Records supplied
Lemma halving_cauchy_limit (u : nat -> V) (r : nat -> C) :
  (forall n, r n.+1 <= r n / 2) -> (forall n, `|u n.+1 - u n| <= r n / 2) ->
  exists l, forall n, `|l - u n| <= r n.
Proof.
move=> hr hu.
have r0 n : 0 <= r n.
  by have := le_trans (normr_ge0 _) (hu n); rewrite pmulr_lge0 // invr_gt0 ltr0n.
have tail n d : `|u (n + d)%N - u n| <= r n - r (n + d)%N.
  elim: d => [|d IH]; first by rewrite addn0 !subrr normr0.
  rewrite addnS -(subrK (u (n + d)%N) (u (n + d).+1)) -addrA.
  apply: le_trans (ler_normD _ _) _; apply: le_trans (lerD (hu _) IH) _.
  have -> : r (n + d)%N / 2 + (r n - r (n + d)%N) = r n - r (n + d)%N / 2 by field.
  by rewrite lerD2l lerN2 hr.
have rgeo n : r n <= r 0%N * (2^-1) ^+ n.
  elim: n => [|n IH]; first by rewrite expr0 mulr1.
  by rewrite (le_trans (hr n)) // exprSr mulrA ler_pM2r.
have /cvg_ex[l ul] : cvg (u @ \oo).
  apply: cauchy_cvg; apply: cauchy_exP => e e0.
  have [n hn] := halving_lt e0 (r0 0%N).
  exists (u n); exists n => // m /= nm.
  rewrite -ball_normE /ball_ /= -(subnKC nm) distrC.
  apply: le_lt_trans (tail _ _) (le_lt_trans _ (le_lt_trans (rgeo n) hn)).
  by rewrite lerBlDr lerDl.
exists l => n; apply/ler_addgt0Pr => e e0.
have [N _ hN] := (cvgrPdist_lt _ _).1 ul e e0.
set m := maxn N n.
have hm : `|u m - u n| <= r n.
  have := tail n (m - n)%N; rewrite subnKC ?leq_maxr // => h.
  by apply: le_trans h _; rewrite lerBlDr lerDl r0.
rewrite -(subrK (u m) l) -addrA addrC; apply: le_trans (ler_normD _ _) _.
by rewrite lerD // ltW // hN /= ?leq_maxl.
Qed.

Definition linear_op (A : V -> V) :=
  forall (a : C) (x y : V), A (a *: x + y) = a *: A x + A y.

Definition linear_of {A : V -> V} (hA : linear_op A) : {linear V -> V} :=
  HB.pack A (GRing.isLinear.Build _ _ _ _ A hA).

Section linear_op.
Variable A : V -> V.
Hypothesis hA : linear_op A.

Lemma linop0 : A 0 = 0. Proof. exact: (linear0 (linear_of hA)). Qed.
Lemma linopD x y : A (x + y) = A x + A y. Proof. exact: (linearD (linear_of hA)). Qed.
Lemma linopB x y : A (x - y) = A x - A y. Proof. exact: (linearB (linear_of hA)). Qed.
Lemma linopN x : A (- x) = - A x. Proof. exact: (linearN (linear_of hA)). Qed.
Lemma linopZ (a : C) x : A (a *: x) = a *: A x. Proof. by have := hA a x 0; rewrite addr0 linop0 addr0. Qed.

Lemma linop_bounded : continuous A -> exists2 L : C, 0 < L & forall x, `|A x| <= L * `|x|.
Proof.
move=> cA; have := continuous_linear_bounded 0 (f := linear_of hA) (cA 0).
by move=> /linear_boundedP /pinfty_ex_gt0 [L L0 hL]; exists L.
Qed.

End linear_op.

Lemma closed_approx {Y : set V} {l : V} : closed Y ->
  (forall e : C, 0 < e -> exists2 y, Y y & `|l - y| < e) -> Y l.
Proof.
move=> cY h; apply: cY => B /nbhs_ballP [e e0 hB].
have [y Yy hy] := h e e0; exists y; split => //; apply: hB.
by rewrite -ball_normE.
Qed.

Lemma closure_approx {Y : set V} {l : V} : closure Y l ->
  forall e : C, 0 < e -> exists2 y, Y y & `|l - y| < e.
Proof.
move=> cl e e0; have /cl[y [Yy hy]] : nbhs l (ball l e) by apply/nbhs_ballP; exists e.
by exists y; move: hy; rewrite -ball_normE.
Qed.

Lemma closed_avoid_ball {E : set V} {y : V} {r : C} : closed E -> ~ E y -> 0 < r ->
  exists2 s : C, 0 < s & s <= r /\ forall z, `|z - y| <= s -> ~ E z.
Proof.
move=> cE nE r0; have /nbhs_ballP[rho rho0 hrho] : nbhs y (~` E).
  by apply: open_nbhs_nbhs; split; rewrite ?openC.
set s := rho * r / (rho + r).
have s0 : 0 < s by rewrite divr_gt0 ?mulr_gt0 ?addr_gt0.
have s_rho : s <= rho by exact: harmonic_le.
have s_r : s <= r by rewrite /s [rho * _]mulrC [rho + _]addrC harmonic_le.
have s2 : s / 2 < s by rewrite gtr_pMr // invf_lt1 // ltr1n.
exists (s / 2); first by rewrite divr_gt0.
split=> [|z hz]; first exact: le_trans (ltW s2) s_r.
apply: hrho; rewrite -ball_normE /ball_ /= distrC.
exact: le_lt_trans hz (lt_le_trans s2 s_rho).
Qed.

(* The library's [Baire] only covers whole normed spaces over a [realType]. *)
Lemma baire_closed (Y : set V) (E : nat -> set V) (y00 : V) : closed Y -> Y y00 ->
  (forall n, closed (E n)) -> (forall y, Y y -> exists n, E n y) ->
  exists n y0, exists2 r : C, 0 < r &
    Y y0 /\ forall y, Y y -> `|y - y0| < r -> E n y.
Proof.
move=> cY Yy00 cE cover; apply: contrapT => nint.
have escape n y0 (r : C) : Y y0 -> 0 < r ->
    exists2 y, Y y & `|y - y0| < r / 2 /\ ~ E n y.
  move=> Yy0 r0; apply: contrapT => h; apply: nint.
  exists n, y0, (r / 2); first by rewrite divr_gt0.
  split => // y Yy hy; apply: contrapT => nE; apply: h; by exists y.
have step (nyr : nat * (V * C)) : exists yr : V * C, Y nyr.2.1 -> 0 < nyr.2.2 ->
    [/\ Y yr.1, 0 < yr.2, `|yr.1 - nyr.2.1| <= nyr.2.2 / 2, yr.2 <= nyr.2.2 / 2 &
        forall z, `|z - yr.1| <= yr.2 -> ~ E nyr.1 z].
  case: nyr => n [y0 r] /=.
  have [[Yy0 r0]|h] := pselect (Y y0 /\ 0 < r); last first.
    by exists (y0, r) => Yy0 r0; exfalso; apply: h.
  have [y Yy [hy nE]] := escape n y0 r Yy0 r0.
  have [s s0 [s_r avoid]] := closed_avoid_ball (cE n) nE (divr_gt0 r0 (ltr0n _ 2)).
  by exists (y, s); split => //; exact: ltW.
have [f hf] := choice step.
pose fix b n := if n is m.+1 then f (m, b m) else (y00, 1 : C).
have b_inv n : Y (b n).1 /\ 0 < (b n).2.
  elim: n => [|n [Yb b0]]; first exact: (conj Yy00 ltr01).
  by have [] := hf (n, b n) Yb b0.
have hb n := hf (n, b n) (b_inv n).1 (b_inv n).2.
have [l hl] := @halving_cauchy_limit (fun n => (b n).1) (fun n => (b n).2)
  (fun n => let: And5 _ _ _ h _ := hb n in h)
  (fun n => let: And5 _ _ h _ _ := hb n in h).
have b_small n : (b n).2 <= (2^-1) ^+ n.
  elim: n => [|n IH]; first by rewrite expr0.
  have [_ _ _ h _] := hb n; apply: le_trans h _.
  by rewrite exprSr ler_pM2r.
have Yl : Y l.
  apply: closed_approx cY _ => e e0.
  have [n hn] := halving_lt e0 (ler01 : (0 : C) <= 1).
  exists (b n).1; first exact: (b_inv n).1.
  by apply: le_lt_trans (hl n) (le_lt_trans (b_small n) _); rewrite mul1r in hn.
have [n En] := cover l Yl.
by have [_ _ _ _ nE] := hb n; apply: nE (hl n.+1) En.
Qed.

Lemma halving_preimage {A : V -> V} {y : V} {w : nat -> V} {r B : C} :
  linear_op A -> continuous A ->
  (forall j, `|w j.+1 - w j| <= r * (2^-1) ^+ j.+1) ->
  (forall j, `|y - A (w j)| <= B * (2^-1) ^+ j) ->
  exists2 l, A l = y & `|l - w 0%N| <= r.
Proof.
move=> hA cA hw hy.
have [l hl] : exists l, forall j, `|l - w j| <= r * (2^-1) ^+ j.
  apply: halving_cauchy_limit => j; first by rewrite exprSr mulrA.
  by rewrite -mulrA -exprSr.
have [L L0 hL] := linop_bounded hA cA.
exists l; last by have := hl 0%N; rewrite expr0 mulr1.
apply/eqP; rewrite -subr_eq0; apply/eqP.
apply: (@halving_bounded_eq0 _ (L * r + B)) => j.
have -> : A l - y = A (l - w j) - (y - A (w j)) by rewrite (linopB hA) opprB addrA subrK.
apply: le_trans (ler_normB _ _) _; rewrite mulrDl; apply: lerD (hy j).
by apply: le_trans (hL _) _; rewrite -mulrA ler_pM2l.
Qed.

Definition bounded_lift (A : V -> V) (D : C) :=
  forall x, exists x', A x' = A x /\ `|x'| <= D * `|A x|.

Your objective
Using the data above, reproduce exactly the lines from the line that contains "Lemma linop0 : A" through the line that contains "set s := rho * r / (rho + r).", including both.

Solved exercise
Lemma linop0 : A 0 = 0. Proof. exact: (linear0 (linear_of hA)). Qed.
Lemma linopD x y : A (x + y) = A x + A y. Proof. exact: (linearD (linear_of hA)). Qed.
Lemma linopB x y : A (x - y) = A x - A y. Proof. exact: (linearB (linear_of hA)). Qed.
Lemma linopN x : A (- x) = - A x. Proof. exact: (linearN (linear_of hA)). Qed.
Lemma linopZ (a : C) x : A (a *: x) = a *: A x. Proof. by have := hA a x 0; rewrite addr0 linop0 addr0. Qed.

Lemma linop_bounded : continuous A -> exists2 L : C, 0 < L & forall x, `|A x| <= L * `|x|.
Proof.
move=> cA; have := continuous_linear_bounded 0 (f := linear_of hA) (cA 0).
by move=> /linear_boundedP /pinfty_ex_gt0 [L L0 hL]; exists L.
Qed.

End linear_op.

Lemma closed_approx {Y : set V} {l : V} : closed Y ->
  (forall e : C, 0 < e -> exists2 y, Y y & `|l - y| < e) -> Y l.
Proof.
move=> cY h; apply: cY => B /nbhs_ballP [e e0 hB].
have [y Yy hy] := h e e0; exists y; split => //; apply: hB.
by rewrite -ball_normE.
Qed.

Lemma closure_approx {Y : set V} {l : V} : closure Y l ->
  forall e : C, 0 < e -> exists2 y, Y y & `|l - y| < e.
Proof.
move=> cl e e0; have /cl[y [Yy hy]] : nbhs l (ball l e) by apply/nbhs_ballP; exists e.
by exists y; move: hy; rewrite -ball_normE.
Qed.

Lemma closed_avoid_ball {E : set V} {y : V} {r : C} : closed E -> ~ E y -> 0 < r ->
  exists2 s : C, 0 < s & s <= r /\ forall z, `|z - y| <= s -> ~ E z.
Proof.
move=> cE nE r0; have /nbhs_ballP[rho rho0 hrho] : nbhs y (~` E).
  by apply: open_nbhs_nbhs; split; rewrite ?openC.
set s := rho * r / (rho + r).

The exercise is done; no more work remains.